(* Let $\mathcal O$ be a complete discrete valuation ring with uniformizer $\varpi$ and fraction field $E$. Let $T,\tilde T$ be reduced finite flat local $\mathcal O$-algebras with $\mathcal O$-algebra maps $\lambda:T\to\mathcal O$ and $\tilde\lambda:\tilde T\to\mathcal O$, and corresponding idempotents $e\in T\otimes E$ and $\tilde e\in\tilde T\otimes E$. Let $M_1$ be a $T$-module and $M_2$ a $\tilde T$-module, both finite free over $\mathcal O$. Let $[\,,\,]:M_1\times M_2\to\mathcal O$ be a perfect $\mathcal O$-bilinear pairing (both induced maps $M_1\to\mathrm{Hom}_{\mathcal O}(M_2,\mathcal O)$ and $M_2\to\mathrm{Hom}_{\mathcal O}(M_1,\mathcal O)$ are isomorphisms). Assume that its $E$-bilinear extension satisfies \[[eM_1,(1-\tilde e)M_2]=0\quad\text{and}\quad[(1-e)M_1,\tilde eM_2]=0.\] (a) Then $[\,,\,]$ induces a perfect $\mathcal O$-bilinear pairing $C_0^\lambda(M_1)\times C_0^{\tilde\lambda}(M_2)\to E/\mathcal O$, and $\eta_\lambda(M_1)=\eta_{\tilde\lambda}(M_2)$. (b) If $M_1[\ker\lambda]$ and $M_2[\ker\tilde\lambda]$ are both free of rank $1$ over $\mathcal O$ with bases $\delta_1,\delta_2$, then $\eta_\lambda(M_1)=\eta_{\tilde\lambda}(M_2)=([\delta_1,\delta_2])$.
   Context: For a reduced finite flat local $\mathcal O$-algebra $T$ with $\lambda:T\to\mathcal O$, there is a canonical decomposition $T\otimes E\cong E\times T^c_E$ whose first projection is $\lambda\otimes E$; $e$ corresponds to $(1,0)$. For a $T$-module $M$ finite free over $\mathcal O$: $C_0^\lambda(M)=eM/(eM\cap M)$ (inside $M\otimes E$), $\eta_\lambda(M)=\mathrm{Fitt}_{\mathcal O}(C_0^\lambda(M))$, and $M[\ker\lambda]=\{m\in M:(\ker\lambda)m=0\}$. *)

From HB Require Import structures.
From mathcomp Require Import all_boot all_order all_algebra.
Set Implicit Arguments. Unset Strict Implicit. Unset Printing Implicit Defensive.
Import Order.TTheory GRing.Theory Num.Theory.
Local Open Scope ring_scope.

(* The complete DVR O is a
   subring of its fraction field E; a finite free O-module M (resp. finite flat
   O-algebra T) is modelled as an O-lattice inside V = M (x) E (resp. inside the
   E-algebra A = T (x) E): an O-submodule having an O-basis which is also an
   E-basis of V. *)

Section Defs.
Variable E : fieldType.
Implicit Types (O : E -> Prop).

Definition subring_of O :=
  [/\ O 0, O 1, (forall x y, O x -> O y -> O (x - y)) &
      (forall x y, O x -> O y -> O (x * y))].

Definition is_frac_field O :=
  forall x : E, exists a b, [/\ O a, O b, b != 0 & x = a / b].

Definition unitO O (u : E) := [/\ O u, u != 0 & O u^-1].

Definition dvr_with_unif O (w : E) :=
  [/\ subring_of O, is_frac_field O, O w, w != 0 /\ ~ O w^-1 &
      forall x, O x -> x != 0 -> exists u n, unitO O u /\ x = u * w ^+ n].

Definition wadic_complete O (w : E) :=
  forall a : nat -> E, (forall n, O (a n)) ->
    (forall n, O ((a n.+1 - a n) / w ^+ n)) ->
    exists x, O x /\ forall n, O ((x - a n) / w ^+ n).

(EXERCISE) Using the data above, return each line exactly as written.

(ANSWER BOX)
(* Let $\mathcal O$ be a complete discrete valuation ring with uniformizer $\varpi$ and fraction field $E$. Let $T,\tilde T$ be reduced finite flat local $\mathcal O$-algebras with $\mathcal O$-algebra maps $\lambda:T\to\mathcal O$ and $\tilde\lambda:\tilde T\to\mathcal O$, and corresponding idempotents $e\in T\otimes E$ and $\tilde e\in\tilde T\otimes E$. Let $M_1$ be a $T$-module and $M_2$ a $\tilde T$-module, both finite free over $\mathcal O$. Let $[\,,\,]:M_1\times M_2\to\mathcal O$ be a perfect $\mathcal O$-bilinear pairing (both induced maps $M_1\to\mathrm{Hom}_{\mathcal O}(M_2,\mathcal O)$ and $M_2\to\mathrm{Hom}_{\mathcal O}(M_1,\mathcal O)$ are isomorphisms). Assume that its $E$-bilinear extension satisfies \[[eM_1,(1-\tilde e)M_2]=0\quad\text{and}\quad[(1-e)M_1,\tilde eM_2]=0.\] (a) Then $[\,,\,]$ induces a perfect $\mathcal O$-bilinear pairing $C_0^\lambda(M_1)\times C_0^{\tilde\lambda}(M_2)\to E/\mathcal O$, and $\eta_\lambda(M_1)=\eta_{\tilde\lambda}(M_2)$. (b) If $M_1[\ker\lambda]$ and $M_2[\ker\tilde\lambda]$ are both free of rank $1$ over $\mathcal O$ with bases $\delta_1,\delta_2$, then $\eta_\lambda(M_1)=\eta_{\tilde\lambda}(M_2)=([\delta_1,\delta_2])$.
   Context: For a reduced finite flat local $\mathcal O$-algebra $T$ with $\lambda:T\to\mathcal O$, there is a canonical decomposition $T\otimes E\cong E\times T^c_E$ whose first projection is $\lambda\otimes E$; $e$ corresponds to $(1,0)$. For a $T$-module $M$ finite free over $\mathcal O$: $C_0^\lambda(M)=eM/(eM\cap M)$ (inside $M\otimes E$), $\eta_\lambda(M)=\mathrm{Fitt}_{\mathcal O}(C_0^\lambda(M))$, and $M[\ker\lambda]=\{m\in M:(\ker\lambda)m=0\}$. *)

From HB Require Import structures.
From mathcomp Require Import all_boot all_order all_algebra.
Set Implicit Arguments. Unset Strict Implicit. Unset Printing Implicit Defensive.
Import Order.TTheory GRing.Theory Num.Theory.
Local Open Scope ring_scope.

(* The complete DVR O is a
   subring of its fraction field E; a finite free O-module M (resp. finite flat
   O-algebra T) is modelled as an O-lattice inside V = M (x) E (resp. inside the
   E-algebra A = T (x) E): an O-submodule having an O-basis which is also an
   E-basis of V. *)

Section Defs.
Variable E : fieldType.
Implicit Types (O : E -> Prop).

Definition subring_of O :=
  [/\ O 0, O 1, (forall x y, O x -> O y -> O (x - y)) &
      (forall x y, O x -> O y -> O (x * y))].

Definition is_frac_field O :=
  forall x : E, exists a b, [/\ O a, O b, b != 0 & x = a / b].

Definition unitO O (u : E) := [/\ O u, u != 0 & O u^-1].

Definition dvr_with_unif O (w : E) :=
  [/\ subring_of O, is_frac_field O, O w, w != 0 /\ ~ O w^-1 &
      forall x, O x -> x != 0 -> exists u n, unitO O u /\ x = u * w ^+ n].

Definition wadic_complete O (w : E) :=
  forall a : nat -> E, (forall n, O (a n)) ->
    (forall n, O ((a n.+1 - a n) / w ^+ n)) ->
    exists x, O x /\ forall n, O ((x - a n) / w ^+ n).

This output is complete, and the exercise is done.